Meristogenys is a genus of true frogs from Borneo. Its tadpoles are adapted to fast-flowing mountain streams and easily recognizable by their divided upper lip with ribs on the outside.

==Taxonomy and systematics==
Its closest living relative is apparently the hole-in-the-head frog (Huia cavitympanum), type species of the highly polyphyletic "wastebin genus" Huia. Meristogenys, having been proposed far more recently than Huia, might be included in the latter on grounds of phylogeny, as most if not all species placed in the Huia seem to belong elsewhere. But a group of species traditionally placed in Huia as well as the genus Clinotarsus are very close relatives, and therefore a taxonomic revision of this group is probably better deferred until the relationships of all taxa involved have been properly assessed. Meristogenys on its own is a monophyletic group.

==Ecology==
Meristogenys are common frogs around the mountain streams of Borneo and among the commonest frogs in the mountainous regions of the island.

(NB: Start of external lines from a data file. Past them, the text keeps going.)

(* (a) Soundness $\Delta^{\mathcal T}_{\mathcal R}\triangleleft\lambda^{\mathcal T}_\cap$ holds for $\Delta^{CD}_{\equiv}$, $\Delta^{CDV}_{\equiv}$, $\Delta^{CDS}_{\equiv}$, $\Delta^{BCD}_{\equiv}$, $\Delta^{CDS}_{=_\beta}$ and $\Delta^{BCD}_{=_\beta}$, and fails for $\Delta^{CD}_{=_\beta}$, $\Delta^{CDV}_{=_\beta}$, $\Delta^{CDV}_{=_{\beta\eta}}$ and $\Delta^{BCD}_{=_{\beta\eta}}$. (b) Completeness $\Delta^{\mathcal T}_{\mathcal R}\triangleright\lambda^{\mathcal T}_\cap$ holds for all ten systems $\Delta^{\mathcal T}_{\equiv}$, $\Delta^{\mathcal T}_{=_\beta}$ ($\mathcal T\in\{CD,CDS,CDV,BCD\}$), $\Delta^{CDV}_{=_{\beta\eta}}$, $\Delta^{BCD}_{=_{\beta\eta}}$. Consequently $\Delta^{\mathcal T}_{\mathcal R}\sim\lambda^{\mathcal T}_\cap$ exactly for the six systems listed as sound in (a).
   Context: Type atoms: a set $\mathbb{A}$ of symbols; $\omega$ denotes a distinguished atom (the universal type). $\mathbb{A}_\infty=\{\mathtt a_i\mid i\in\mathbb N\}$ with each $\mathtt a_i\neq\omega$, and $\mathbb{A}^\omega_\infty=\mathbb{A}_\infty\cup\{\omega\}$. Intersection types over $\mathbb A$: $\sigma::= a\mid\sigma\to\sigma\mid\sigma\cap\sigma$ ($a\in\mathbb A$). An intersection type theory $\mathcal T$ over $\mathbb A$ is a set of inequalities $\sigma\le\tau$ (written $\sigma\le_{\mathcal T}\tau$) closed under (refl) $\sigma\le\sigma$; (incl) $\sigma\cap\tau\le\sigma$ and $\sigma\cap\tau\le\tau$; (glb) $\rho\le\sigma$ and $\rho\le\tau$ imply $\rho\le\sigma\cap\tau$; (trans) $\sigma\le\tau$ and $\tau\le\rho$ imply $\sigma\le\rho$. Additional axioms/rules: $(\omega_{top})$ $\sigma\le\omega$; $(\omega_{\to})$ $\omega\le\sigma\to\omega$; $(\to\cap)$ $(\sigma\to\tau)\cap(\sigma\to\rho)\le\sigma\to(\tau\cap\rho)$; $(\to)$ $\sigma_2\le\sigma_1$ and $\tau_1\le\tau_2$ imply $\sigma_1\to\tau_1\le\sigma_2\to\tau_2$. $\mathcal T_{CD}$ = smallest type theory over $\mathbb A_\infty$; $\mathcal T_{CDS}$ = smallest over $\mathbb A^\omega_\infty$ containing $(\omega_{top})$; $\mathcal T_{CDV}$ = smallest over $\mathbb A_\infty$ closed under $(\to)$ and $(\to\cap)$; $\mathcal T_{BCD}$ = smallest over $\mathbb A^\omega_\infty$ closed under $(\to),(\to\cap),(\omega_{top}),(\omega_\to)$. We abbreviate these as CD, CDS, CDV, BCD. Type assignment: for a type theory $\mathcal T$ over atoms $\mathbb A$, $\lambda^{\mathcal T}_\cap$ derives judgments $B\vdash^{\mathcal T}_\cap M:\sigma$ for pure $\lambda$-terms $M$ and bases $B$ (finite sets of declarations $x{:}\sigma$ with distinct variables) by: (ax) $B\vdash x:\sigma$ if $x{:}\sigma\in B$; ($\to$I) from $B,x{:}\sigma\vdash M:\tau$ infer $B\vdash\lambda x.M:\sigma\to\tau$; ($\to$E) from $B\vdash M:\sigma\to\tau$ and $B\vdash N:\sigma$ infer $B\vdash MN:\tau$; ($\cap$I) from $B\vdash M:\sigma$ and $B\vdash M:\tau$ infer $B\vdash M:\sigma\cap\tau$; ($\cap$E) from $B\vdash M:\sigma\cap\tau$ infer $B\vdash M:\sigma$ and $B\vdash M:\tau$; (top) $B\vdash M:\omega$ if $\omega\in\mathbb A$; ($\le_{\mathcal T}$) from $B\vdash M:\sigma$ and $\sigma\le_{\mathcal T}\tau$ infer $B\vdash M:\tau$. $\Delta$-terms: $\Delta::=u_\Delta\mid x\mid\lambda x{:}\sigma.\Delta\mid\Delta\,\Delta\mid\langle\Delta,\Delta\rangle\mid pr_1\Delta\mid pr_2\Delta\mid\Delta^\sigma$, where for every (not necessarily typable) $\Delta$-term $\Delta$ there is a constant $u_\Delta$. The essence $\|\Delta\|$ is the pure $\lambda$-term defined by $\|x\|=x$, $\|u_\Delta\|=\|\Delta\|$, $\|\Delta^\sigma\|=\|\Delta\|$, $\|\lambda x{:}\sigma.\Delta\|=\lambda x.\|\Delta\|$, $\|\Delta_1\Delta_2\|=\|\Delta_1\|\,\|\Delta_2\|$, $\|\langle\Delta_1,\Delta_2\rangle\|=\|\Delta_1\|$, $\|pr_i\Delta\|=\|\Delta\|$. Let $\mathcal R$ be one of $\equiv$ (syntactic identity up to $\alpha$), $=_\beta$, $=_{\beta\eta}$ on pure $\lambda$-terms. The typed system $\Delta^{\mathcal T}_{\mathcal R}$ derives $B\vdash^{\mathcal T}_{\mathcal R}\Delta:\sigma$ by: (top) $B\vdash u_\Delta:\omega$ if $\omega\in\mathbb A$; (ax) $B\vdash x:\sigma$ if $x{:}\sigma\in B$; ($\to$I) from $B,x{:}\sigma\vdash\Delta:\tau$ infer $B\vdash\lambda x{:}\sigma.\Delta:\sigma\to\tau$; ($\to$E) from $B\vdash\Delta_1:\sigma\to\tau$ and $B\vdash\Delta_2:\sigma$ infer $B\vdash\Delta_1\Delta_2:\tau$; ($\cap$I) from $B\vdash\Delta_1:\sigma$, $B\vdash\Delta_2:\tau$ and $\|\Delta_1\|\mathrel{\mathcal R}\|\Delta_2\|$ infer $B\vdash\langle\Delta_1,\Delta_2\rangle:\sigma\cap\tau$; ($\cap$E$_1$) from $B\vdash\Delta:\sigma\cap\tau$ infer $B\vdash pr_1\Delta:\sigma$; ($\cap$E$_2$) from $B\vdash\Delta:\sigma\cap\tau$ infer $B\vdash pr_2\Delta:\tau$; ($\le_{\mathcal T}$) from $B\vdash\Delta:\sigma$ and $\sigma\le_{\mathcal T}\tau$ infer $B\vdash\Delta^\tau:\tau$. We write $\Delta^{CD}_{\mathcal R}$ for $\Delta^{\mathcal T_{CD}}_{\mathcal R}$, etc. Soundness $\Delta^{\mathcal T}_{\mathcal R}\triangleleft\lambda^{\mathcal T}_\cap$: for all $B,\Delta,\sigma$, $B\vdash^{\mathcal T}_{\mathcal R}\Delta:\sigma$ implies $B\vdash^{\mathcal T}_\cap\|\Delta\|:\sigma$. Completeness $\Delta^{\mathcal T}_{\mathcal R}\triangleright\lambda^{\mathcal T}_\cap$: for all $B,M,\sigma$, $B\vdash^{\mathcal T}_\cap M:\sigma$ implies there is $\Delta$ with $M\equiv\|\Delta\|$ and $B\vdash^{\mathcal T}_{\mathcal R}\Delta:\sigma$. Isomorphism $\Delta^{\mathcal T}_{\mathcal R}\sim\lambda^{\mathcal T}_\cap$: both soundness and completeness. *)

From Stdlib Require Import List Arith Relations.
Import ListNotations.
Unset Implicit Arguments.

Inductive ty (A : Type) : Type :=
| TAtom : A -> ty A
| TArr  : ty A -> ty A -> ty A
| TInt  : ty A -> ty A -> ty A.
Arguments TAtom {A} _.
Arguments TArr {A} _ _.
Arguments TInt {A} _ _.

(* A "system" fixes the atom set, whether the distinguished atom omega
   belongs to it (omega = Some w), and whether the arrow rules
   (->) and (->cap) are part of the theory. *)
Record system : Type := Sys {
  atoms : Type;
  omega : option atoms;
  arrowRules : bool }.

(* A_infinity = { a_i | i in N } represented by nat;
   A^omega_infinity = A_infinity + {omega} represented by option nat,
   with None = omega and Some i = a_i. *)
Definition CD  : system := @Sys nat None false.
Definition CDS : system := @Sys (option nat) (Some None) false.
Definition CDV : system := @Sys nat None true.
Definition BCD : system := @Sys (option nat) (Some None) true.

(* The smallest intersection type theory over the atoms of S closed under
   the rules selected by S:
   CD : none; CDS : (omega_top); CDV : (->), (->cap);
   BCD : (->), (->cap), (omega_top), (omega_->). *)
Inductive tle (S : system) : ty (atoms S) -> ty (atoms S) -> Prop :=
| tle_refl  : forall s, tle S s s
| tle_incl1 : forall s t, tle S (TInt s t) s
| tle_incl2 : forall s t, tle S (TInt s t) t
| tle_glb   : forall r s t, tle S r s -> tle S r t -> tle S r (TInt s t)
| tle_trans : forall s t r, tle S s t -> tle S t r -> tle S s r
| tle_omega_top : forall w s, omega S = Some w -> tle S s (TAtom w)
| tle_omega_arr : forall w s, omega S = Some w -> arrowRules S = true ->
    tle S (TAtom w) (TArr s (TAtom w))
| tle_arr_int : forall s t r, arrowRules S = true ->
    tle S (TInt (TArr s t) (TArr s r)) (TArr s (TInt t r))
| tle_arr : forall s1 s2 t1 t2, arrowRules S = true ->
    tle S s2 s1 -> tle S t1 t2 -> tle S (TArr s1 t1) (TArr s2 t2).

Tadpoles are specialized for living in strong currents and have a heavy body. The snout is broadly rounded with a relatively oral disk underneath it. The body is flat below and has a large sucker, covering a larger portion of the abdomen.

==Description==
The largest species is Meristogenys kinabaluensis; males reach 68 mm and females 93 mm in snout–vent length. Adults of different species are usually morphologically similar and difficult identify to species, and even difficult to distinguish from other ranid frogs, notably Hylarana. In contrast, and unusually, the tadpoles are easier to identify to species than the adults.

==Species==
There are 13 species:

- Meristogenys amoropalamus (Matsui, 1986)
- Meristogenys dyscritus Shimada, Matsui, Yambun, and Sudin, 2011
- Meristogenys jerboa (Günther, 1872)
- Meristogenys kinabaluensis (Inger, 1966)
- Meristogenys macrophthalmus (Matsui, 1986)
- Meristogenys maryatiae Matsui, Shimada, and Sudin, 2010
- Meristogenys orphnocnemis (Matsui, 1986)
- Meristogenys penrissenensis Shimada, Matsui, Nishikawa, and Eto, 2015
- Meristogenys phaeomerus (Inger and Gritis, 1983)
- Meristogenys poecilus (Inger and Gritis, 1983)
- Meristogenys stenocephalus Shimada, Matsui, Yambun, and Sudin, 2011
- Meristogenys stigmachilus Shimada, Matsui, Yambun, and Sudin, 2011
- Meristogenys whiteheadi (Boulenger, 1887)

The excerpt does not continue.